• **RAW DATA**
=====

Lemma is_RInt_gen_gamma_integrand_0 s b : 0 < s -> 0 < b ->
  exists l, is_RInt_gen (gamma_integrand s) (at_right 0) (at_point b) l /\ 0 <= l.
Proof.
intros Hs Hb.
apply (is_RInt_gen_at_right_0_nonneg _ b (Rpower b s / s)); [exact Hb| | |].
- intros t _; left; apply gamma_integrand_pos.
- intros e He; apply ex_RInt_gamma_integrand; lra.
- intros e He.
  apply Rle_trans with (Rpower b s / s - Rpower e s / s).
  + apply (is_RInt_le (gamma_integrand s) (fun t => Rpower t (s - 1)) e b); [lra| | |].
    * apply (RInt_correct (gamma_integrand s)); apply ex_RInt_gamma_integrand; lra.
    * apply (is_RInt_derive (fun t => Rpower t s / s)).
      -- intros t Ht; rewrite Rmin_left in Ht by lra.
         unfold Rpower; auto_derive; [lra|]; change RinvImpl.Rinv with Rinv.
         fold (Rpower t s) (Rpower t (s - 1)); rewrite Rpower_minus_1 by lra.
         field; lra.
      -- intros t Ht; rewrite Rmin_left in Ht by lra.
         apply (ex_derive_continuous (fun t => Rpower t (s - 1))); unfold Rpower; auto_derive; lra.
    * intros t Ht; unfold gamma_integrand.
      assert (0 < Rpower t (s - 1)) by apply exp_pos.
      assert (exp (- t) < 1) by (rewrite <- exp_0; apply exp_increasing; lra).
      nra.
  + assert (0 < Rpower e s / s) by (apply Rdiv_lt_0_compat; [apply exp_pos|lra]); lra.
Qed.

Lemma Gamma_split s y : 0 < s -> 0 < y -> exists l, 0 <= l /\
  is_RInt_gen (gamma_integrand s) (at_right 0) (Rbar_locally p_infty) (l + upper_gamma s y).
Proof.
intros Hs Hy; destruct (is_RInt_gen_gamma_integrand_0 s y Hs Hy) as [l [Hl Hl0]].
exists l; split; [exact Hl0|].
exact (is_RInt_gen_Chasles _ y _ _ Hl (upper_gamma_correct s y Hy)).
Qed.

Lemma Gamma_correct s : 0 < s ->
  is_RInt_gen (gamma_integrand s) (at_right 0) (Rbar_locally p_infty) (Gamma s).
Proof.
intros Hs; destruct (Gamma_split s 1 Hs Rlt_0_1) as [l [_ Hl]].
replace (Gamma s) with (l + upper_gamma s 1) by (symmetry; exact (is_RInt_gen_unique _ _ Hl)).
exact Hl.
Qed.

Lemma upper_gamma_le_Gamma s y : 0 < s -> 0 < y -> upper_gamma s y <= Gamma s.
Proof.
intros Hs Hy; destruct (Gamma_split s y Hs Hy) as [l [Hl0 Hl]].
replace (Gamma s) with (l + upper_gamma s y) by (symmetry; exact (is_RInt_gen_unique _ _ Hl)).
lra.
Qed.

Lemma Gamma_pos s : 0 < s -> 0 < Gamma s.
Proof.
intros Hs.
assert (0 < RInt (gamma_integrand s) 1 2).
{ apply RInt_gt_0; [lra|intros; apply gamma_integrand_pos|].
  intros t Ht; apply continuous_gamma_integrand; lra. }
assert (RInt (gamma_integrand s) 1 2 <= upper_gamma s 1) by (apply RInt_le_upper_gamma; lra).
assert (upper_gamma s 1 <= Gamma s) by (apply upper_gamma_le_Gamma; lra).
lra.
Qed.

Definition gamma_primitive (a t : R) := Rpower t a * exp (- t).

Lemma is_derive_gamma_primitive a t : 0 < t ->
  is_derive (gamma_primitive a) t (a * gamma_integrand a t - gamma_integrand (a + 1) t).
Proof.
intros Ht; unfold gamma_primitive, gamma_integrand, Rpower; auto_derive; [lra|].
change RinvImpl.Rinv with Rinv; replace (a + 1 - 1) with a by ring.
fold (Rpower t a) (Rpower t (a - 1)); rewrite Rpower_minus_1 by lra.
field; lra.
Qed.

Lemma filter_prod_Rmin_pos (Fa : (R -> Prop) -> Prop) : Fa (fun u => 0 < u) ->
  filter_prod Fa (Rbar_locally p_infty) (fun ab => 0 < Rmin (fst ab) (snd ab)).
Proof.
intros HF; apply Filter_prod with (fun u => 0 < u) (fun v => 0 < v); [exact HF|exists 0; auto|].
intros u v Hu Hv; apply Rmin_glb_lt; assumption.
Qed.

=====

Given the records above, reproduce precisely and only the lines between the line holding "fold (Rpower t s)" and the line holding "intros Hs Hy; destruct (Gamma_split", inclusive.

• **RESULT OF THE TASK**
         fold (Rpower t s) (Rpower t (s - 1)); rewrite Rpower_minus_1 by lra.
         field; lra.
      -- intros t Ht; rewrite Rmin_left in Ht by lra.
         apply (ex_derive_continuous (fun t => Rpower t (s - 1))); unfold Rpower; auto_derive; lra.
    * intros t Ht; unfold gamma_integrand.
      assert (0 < Rpower t (s - 1)) by apply exp_pos.
      assert (exp (- t) < 1) by (rewrite <- exp_0; apply exp_increasing; lra).
      nra.
  + assert (0 < Rpower e s / s) by (apply Rdiv_lt_0_compat; [apply exp_pos|lra]); lra.
Qed.

Lemma Gamma_split s y : 0 < s -> 0 < y -> exists l, 0 <= l /\
  is_RInt_gen (gamma_integrand s) (at_right 0) (Rbar_locally p_infty) (l + upper_gamma s y).
Proof.
intros Hs Hy; destruct (is_RInt_gen_gamma_integrand_0 s y Hs Hy) as [l [Hl Hl0]].
exists l; split; [exact Hl0|].
exact (is_RInt_gen_Chasles _ y _ _ Hl (upper_gamma_correct s y Hy)).
Qed.

Lemma Gamma_correct s : 0 < s ->
  is_RInt_gen (gamma_integrand s) (at_right 0) (Rbar_locally p_infty) (Gamma s).
Proof.
intros Hs; destruct (Gamma_split s 1 Hs Rlt_0_1) as [l [_ Hl]].
replace (Gamma s) with (l + upper_gamma s 1) by (symmetry; exact (is_RInt_gen_unique _ _ Hl)).
exact Hl.
Qed.

Lemma upper_gamma_le_Gamma s y : 0 < s -> 0 < y -> upper_gamma s y <= Gamma s.
Proof.
intros Hs Hy; destruct (Gamma_split s y Hs Hy) as [l [Hl0 Hl]].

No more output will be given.